Where <rank_distrib> can take 1ppn (one process per node), 1ppg (one process per GPU), 1ppc (one process per CPU core) or 1ppt (one process per CPU thread).

And <thread_distrib> can take 1tpc (set OMP_NUM_THREADS to the number of cores available to each process), 1tpt (set OMP_NUM_THREADS to the number of hardware threads available to each process) or none (set OMP_NUM_THREADS=1)

Examples:

# - One MPI rank per node:
bede-mpirun --bede-par 1ppn <mpirun_options> <program>

# - One MPI rank per gpu:
bede-mpirun --bede-par 1ppg <mpirun_options> <program>

# - One MPI rank per core:
bede-mpirun --bede-par 1ppc <mpirun_options> <program>

# - One MPI rank per hwthread:
bede-mpirun --bede-par 1ppt <mpirun_options> <program>

Multiple nodes (IBM PowerAI DDL)#

Warning

IBM PowerAI DDL is only supported on RHEL 7.

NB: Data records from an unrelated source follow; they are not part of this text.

(* Let $\Sigma$ be a finite alphabet with $|\Sigma|\ge2$, $n\ge1$, and $\rho_1,\rho_2,\rho_3>0$ with $\rho_1+\rho_2+\rho_3\le1$. For $0<\varepsilon<1$, the $\varepsilon$-mixing time $\tau(\varepsilon)$ of the lazy Markov chain $L^{\mathfrak{A}(n)}_{\rho_1,\rho_2,\rho_3}$ satisfies $$\tau(\varepsilon)\le\max\left(\left\lceil\frac{n}{\rho_1}\Big(\log n+\log\frac{1}{\rho_1\varepsilon}\Big)\right\rceil,\ \left\lceil\frac{n}{\rho_2}\Big(\log n+\log\frac{1}{\rho_2\varepsilon}\Big)\right\rceil,\ \left\lceil\frac{|\Sigma|n^2}{\rho_3}\Big(\log(|\Sigma|n^2)+\log\frac{1}{\rho_3\varepsilon}\Big)\right\rceil\right).$$
   Context: A non-deterministic automaton (NFA) over $\Sigma$ is a tuple $(Q,\Sigma,\Delta,I,F)$ with $Q$ a finite set of states, $\Delta\subseteq Q\times\Sigma\times Q$, $I,F\subseteq Q$. $\mathfrak{A}(n)$ is the set of all NFAs over $\Sigma$ with state set $Q=\{1,\dots,n\}$. For $\mathcal{A}\in\mathfrak{A}(n)$: $\mathsf{Ch_{init}}(\mathcal{A},q)$ toggles membership of $q$ in $I$; $\mathsf{Ch_{final}}(\mathcal{A},q)$ toggles membership of $q$ in $F$; $\mathsf{Ch_{trans}}(\mathcal{A},(p,a,q))$ toggles membership of $(p,a,q)$ in $\Delta$. The matrix $S=S^{\mathfrak{A}(n)}_{\rho_1,\rho_2,\rho_3}$ on $\mathfrak{A}(n)$ is: for $x\ne y$, $S(x,y)=\rho_1/n$ if $y=\mathsf{Ch_{init}}(x,q)$ for some $q$; $\rho_2/n$ if $y=\mathsf{Ch_{final}}(x,q)$ for some $q$; $\rho_3/(|\Sigma|n^2)$ if $y=\mathsf{Ch_{trans}}(x,(p,a,q))$ for some $(p,a,q)$; $0$ otherwise; and $S(x,x)=1-\sum_{y\ne x}S(x,y)$. The lazy chain $L=L^{\mathfrak{A}(n)}_{\rho_1,\rho_2,\rho_3}$ is $L(x,y)=\frac12 S(x,y)$ for $x\ne y$ and $L(x,x)=\frac12+\frac12S(x,x)$; its stationary distribution $\pi$ is uniform on $\mathfrak{A}(n)$. The $\varepsilon$-mixing time is $\tau(\varepsilon)=\min\{t:\max_{x\in\mathfrak{A}(n)}\|L^t(x,\cdot)-\pi\|_{TV}\le\varepsilon\}$, where $\|\cdot\|_{TV}$ is total variation distance. $\log$ denotes the natural logarithm. *)

From HB Require Import structures.
From mathcomp Require Import all_boot all_order all_algebra.
From mathcomp Require Import reals exp.
Set Implicit Arguments. Unset Strict Implicit. Unset Printing Implicit Defensive.
Import Order.TTheory GRing.Theory Num.Theory.
Local Open Scope ring_scope.
(* Let $N$ be a finite set with $n=|N|\ge 2$. For a vector $o\in\mathbb{R}^{\Upsilon}$ (extended by $o(b|\emptyset)=0$ for all $b\in N$) the following three conditions are equivalent: (0) $o$ is an SE objective; (a) for every $Z\subseteq N$ and distinct $a,b\in N\setminus Z$, $o(b|\{a\}\cup Z)+o(a|Z)=o(a|\{b\}\cup Z)+o(b|Z)$; (b) there exists $m\in\mathbb{R}^{\mathcal{S}}$ (extended by $m(S)=0$ for $|S|\le1$) such that $o(a|B)=m(\{a\}\cup B)-m(B)$ for all $a\in N$ and $B\subseteq N\setminus\{a\}$. In particular, the linear subspace of SE objectives has dimension $2^n-n-1$.
   Context: $\mathrm{DAG}(N)$ is the set of acyclic directed graphs over $N$; $\mathrm{pa}_G(a)$ is the parent set of $a$ in $G$; $G\sim H$ (Markov equivalence) means $G,H$ have the same adjacencies and the same immoralities (induced subgraphs $a\to c\leftarrow b$ with $a,b$ non-adjacent). $\Upsilon=\{(a|B): a\in N,\ \emptyset\neq B\subseteq N\setminus\{a\}\}$; $\eta_G\in\mathbb{R}^{\Upsilon}$ has $\eta_G(a|B)=1$ if $B=\mathrm{pa}_G(a)$, else $0$. $o\in\mathbb{R}^{\Upsilon}$ is an SE objective if $\langle o,\eta_G\rangle=\langle o,\eta_H\rangle$ for all $G,H\in\mathrm{DAG}(N)$ with $G\sim H$. $\mathcal{S}=\{S\subseteq N:|S|\ge 2\}$. *)

From mathcomp Require Import all_boot all_order all_algebra.
Set Implicit Arguments. Unset Strict Implicit. Unset Printing Implicit Defensive.
Import Order.TTheory GRing.Theory Num.Theory.
Local Open Scope ring_scope.

Section Defs.
Variable T : finType.

Definition Upsilon : predArgType :=
  {p : T * {set T} | (p.1 \notin p.2) && (p.2 != set0)}.

(* A directed graph over N, given by its parent sets. *)
Definition digraph := T -> {set T}.

Definition edge (G : digraph) : rel T := fun u v => u \in G v.

Definition is_DAG (G : digraph) : Prop :=
  forall u v, edge G u v -> ~~ connect (edge G) v u.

IBM PowerAI DDL (Distributed Deep Learning) is a method of using the GPUs in more than one node to perform calculations. Example job script:

#!/bin/bash

# Generic options:

#SBATCH --account=<project>  # Run job under project <project>
#SBATCH --time=1:0:0         # Run for a max of 1 hour

# Node resources:

#SBATCH --partition=gpu    # Choose either "gpu" or "infer" node type
#SBATCH --nodes=2          # Resources from a two nodes
#SBATCH --gres=gpu:4       # Four GPUs per node (plus 100% of node CPU and RAM per node)

# Run commands:

# (assume IBM Watson Machine Learning Community Edition is installed
# in conda environment "wmlce")

conda activate wmlce

bede-ddlrun python $CONDA_PREFIX/ddl-tensorflow/examples/keras/mnist-tf-keras-adv.py

echo "end of job"

Maximum Job Runtime#

Partitions on Bede have default job times, and maximum job times that can be requested:

Partition Name

Default Job Time

Maximum Job Time

infer

01:00:00

2-00:00:00

gpu

01:00:00

2-00:00:00

Where, for example, 2-00:00:00 means ‘two days, zero hours, zero minutes, and zero seconds’. These job time limits affect what will and won’t be accepted in the --time field of your job script: --time values above the partition maximum will result in your job submission being rejected.